In the records below, the line containing "Lemma cdot_ge0 z : 0 <= cdot z z." is the first to keep. Retype it and all later lines exactly, through the end.

>>>

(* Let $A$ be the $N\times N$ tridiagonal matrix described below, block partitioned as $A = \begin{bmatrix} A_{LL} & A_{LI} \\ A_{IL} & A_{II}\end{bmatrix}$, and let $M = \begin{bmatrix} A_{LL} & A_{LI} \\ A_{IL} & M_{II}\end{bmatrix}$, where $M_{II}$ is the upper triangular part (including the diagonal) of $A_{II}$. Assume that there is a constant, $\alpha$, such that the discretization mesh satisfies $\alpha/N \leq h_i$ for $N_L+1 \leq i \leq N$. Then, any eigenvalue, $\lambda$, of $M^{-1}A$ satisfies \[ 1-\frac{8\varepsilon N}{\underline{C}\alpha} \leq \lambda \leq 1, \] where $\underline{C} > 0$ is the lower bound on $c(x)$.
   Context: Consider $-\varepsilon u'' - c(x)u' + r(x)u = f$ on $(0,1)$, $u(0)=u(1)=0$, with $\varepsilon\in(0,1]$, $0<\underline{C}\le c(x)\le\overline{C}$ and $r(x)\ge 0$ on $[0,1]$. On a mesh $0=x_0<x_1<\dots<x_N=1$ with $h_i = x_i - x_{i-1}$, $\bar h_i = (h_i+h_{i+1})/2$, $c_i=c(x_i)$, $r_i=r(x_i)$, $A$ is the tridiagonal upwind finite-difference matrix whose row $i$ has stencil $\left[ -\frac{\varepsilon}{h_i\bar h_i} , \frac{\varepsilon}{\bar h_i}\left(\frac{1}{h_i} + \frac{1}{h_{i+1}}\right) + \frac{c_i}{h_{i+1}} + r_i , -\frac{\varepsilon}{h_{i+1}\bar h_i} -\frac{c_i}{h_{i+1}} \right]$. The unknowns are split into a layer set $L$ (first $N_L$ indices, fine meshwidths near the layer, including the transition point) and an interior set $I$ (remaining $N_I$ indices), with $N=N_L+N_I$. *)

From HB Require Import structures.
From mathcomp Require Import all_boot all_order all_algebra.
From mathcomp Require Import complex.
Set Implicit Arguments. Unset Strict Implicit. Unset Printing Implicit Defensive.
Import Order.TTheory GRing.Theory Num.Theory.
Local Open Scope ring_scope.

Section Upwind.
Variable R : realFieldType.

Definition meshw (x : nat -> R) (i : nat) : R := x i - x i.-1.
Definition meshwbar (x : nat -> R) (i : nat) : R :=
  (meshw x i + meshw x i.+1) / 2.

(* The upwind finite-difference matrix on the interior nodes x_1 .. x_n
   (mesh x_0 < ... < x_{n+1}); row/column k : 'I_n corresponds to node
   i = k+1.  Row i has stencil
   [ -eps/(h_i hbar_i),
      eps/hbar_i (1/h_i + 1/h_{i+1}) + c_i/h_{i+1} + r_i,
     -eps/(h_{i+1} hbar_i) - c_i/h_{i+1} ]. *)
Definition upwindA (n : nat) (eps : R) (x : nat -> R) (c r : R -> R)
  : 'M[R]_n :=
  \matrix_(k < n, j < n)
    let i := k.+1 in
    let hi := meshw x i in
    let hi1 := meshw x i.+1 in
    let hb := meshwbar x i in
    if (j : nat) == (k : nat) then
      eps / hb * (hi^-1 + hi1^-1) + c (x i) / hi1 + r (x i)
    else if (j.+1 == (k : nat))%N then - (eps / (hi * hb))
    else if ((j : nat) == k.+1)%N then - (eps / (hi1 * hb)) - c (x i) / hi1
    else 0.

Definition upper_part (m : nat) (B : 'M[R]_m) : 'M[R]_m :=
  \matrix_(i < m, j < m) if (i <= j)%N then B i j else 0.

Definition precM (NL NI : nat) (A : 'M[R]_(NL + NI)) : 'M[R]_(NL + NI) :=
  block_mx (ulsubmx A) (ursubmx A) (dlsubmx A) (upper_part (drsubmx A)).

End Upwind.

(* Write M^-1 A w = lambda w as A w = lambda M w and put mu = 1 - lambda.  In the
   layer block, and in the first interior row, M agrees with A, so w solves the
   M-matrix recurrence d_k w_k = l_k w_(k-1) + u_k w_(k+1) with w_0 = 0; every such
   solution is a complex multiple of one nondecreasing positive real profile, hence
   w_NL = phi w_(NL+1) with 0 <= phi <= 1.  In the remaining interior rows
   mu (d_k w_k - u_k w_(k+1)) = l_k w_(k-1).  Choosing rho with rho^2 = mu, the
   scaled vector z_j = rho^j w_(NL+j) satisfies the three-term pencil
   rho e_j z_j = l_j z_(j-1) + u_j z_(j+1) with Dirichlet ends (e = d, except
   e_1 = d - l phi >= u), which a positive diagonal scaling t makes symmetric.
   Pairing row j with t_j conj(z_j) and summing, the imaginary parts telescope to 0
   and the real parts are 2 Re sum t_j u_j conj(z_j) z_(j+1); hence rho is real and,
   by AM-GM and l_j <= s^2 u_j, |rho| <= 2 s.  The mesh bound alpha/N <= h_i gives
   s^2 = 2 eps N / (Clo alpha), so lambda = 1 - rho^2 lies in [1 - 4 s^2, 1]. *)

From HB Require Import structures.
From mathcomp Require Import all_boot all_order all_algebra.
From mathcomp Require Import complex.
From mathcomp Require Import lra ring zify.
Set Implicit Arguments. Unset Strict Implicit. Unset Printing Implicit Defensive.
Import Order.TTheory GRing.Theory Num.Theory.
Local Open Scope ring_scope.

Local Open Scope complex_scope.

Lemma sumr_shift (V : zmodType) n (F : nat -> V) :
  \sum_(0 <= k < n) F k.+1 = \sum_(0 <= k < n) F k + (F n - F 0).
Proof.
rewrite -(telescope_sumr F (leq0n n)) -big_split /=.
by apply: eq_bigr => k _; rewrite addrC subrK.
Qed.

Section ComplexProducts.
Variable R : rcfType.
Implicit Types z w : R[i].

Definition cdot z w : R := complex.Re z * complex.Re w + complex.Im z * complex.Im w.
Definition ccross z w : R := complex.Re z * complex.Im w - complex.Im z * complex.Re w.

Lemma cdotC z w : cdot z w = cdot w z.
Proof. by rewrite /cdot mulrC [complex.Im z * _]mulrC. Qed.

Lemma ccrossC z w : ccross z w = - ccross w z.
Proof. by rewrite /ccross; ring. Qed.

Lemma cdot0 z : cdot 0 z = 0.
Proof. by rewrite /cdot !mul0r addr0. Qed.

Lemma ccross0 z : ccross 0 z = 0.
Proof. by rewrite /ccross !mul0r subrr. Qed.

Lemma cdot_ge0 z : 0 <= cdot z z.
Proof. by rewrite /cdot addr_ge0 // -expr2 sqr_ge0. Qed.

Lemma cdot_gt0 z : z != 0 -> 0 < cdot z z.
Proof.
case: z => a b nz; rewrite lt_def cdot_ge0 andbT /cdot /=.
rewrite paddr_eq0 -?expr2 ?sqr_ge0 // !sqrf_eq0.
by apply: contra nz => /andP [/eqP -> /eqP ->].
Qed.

<<<

### RESPONSE BOX
Lemma cdot_ge0 z : 0 <= cdot z z.
Proof. by rewrite /cdot addr_ge0 // -expr2 sqr_ge0. Qed.

Lemma cdot_gt0 z : z != 0 -> 0 < cdot z z.
Proof.
case: z => a b nz; rewrite lt_def cdot_ge0 andbT /cdot /=.
rewrite paddr_eq0 -?expr2 ?sqr_ge0 // !sqrf_eq0.
by apply: contra nz => /andP [/eqP -> /eqP ->].
Qed.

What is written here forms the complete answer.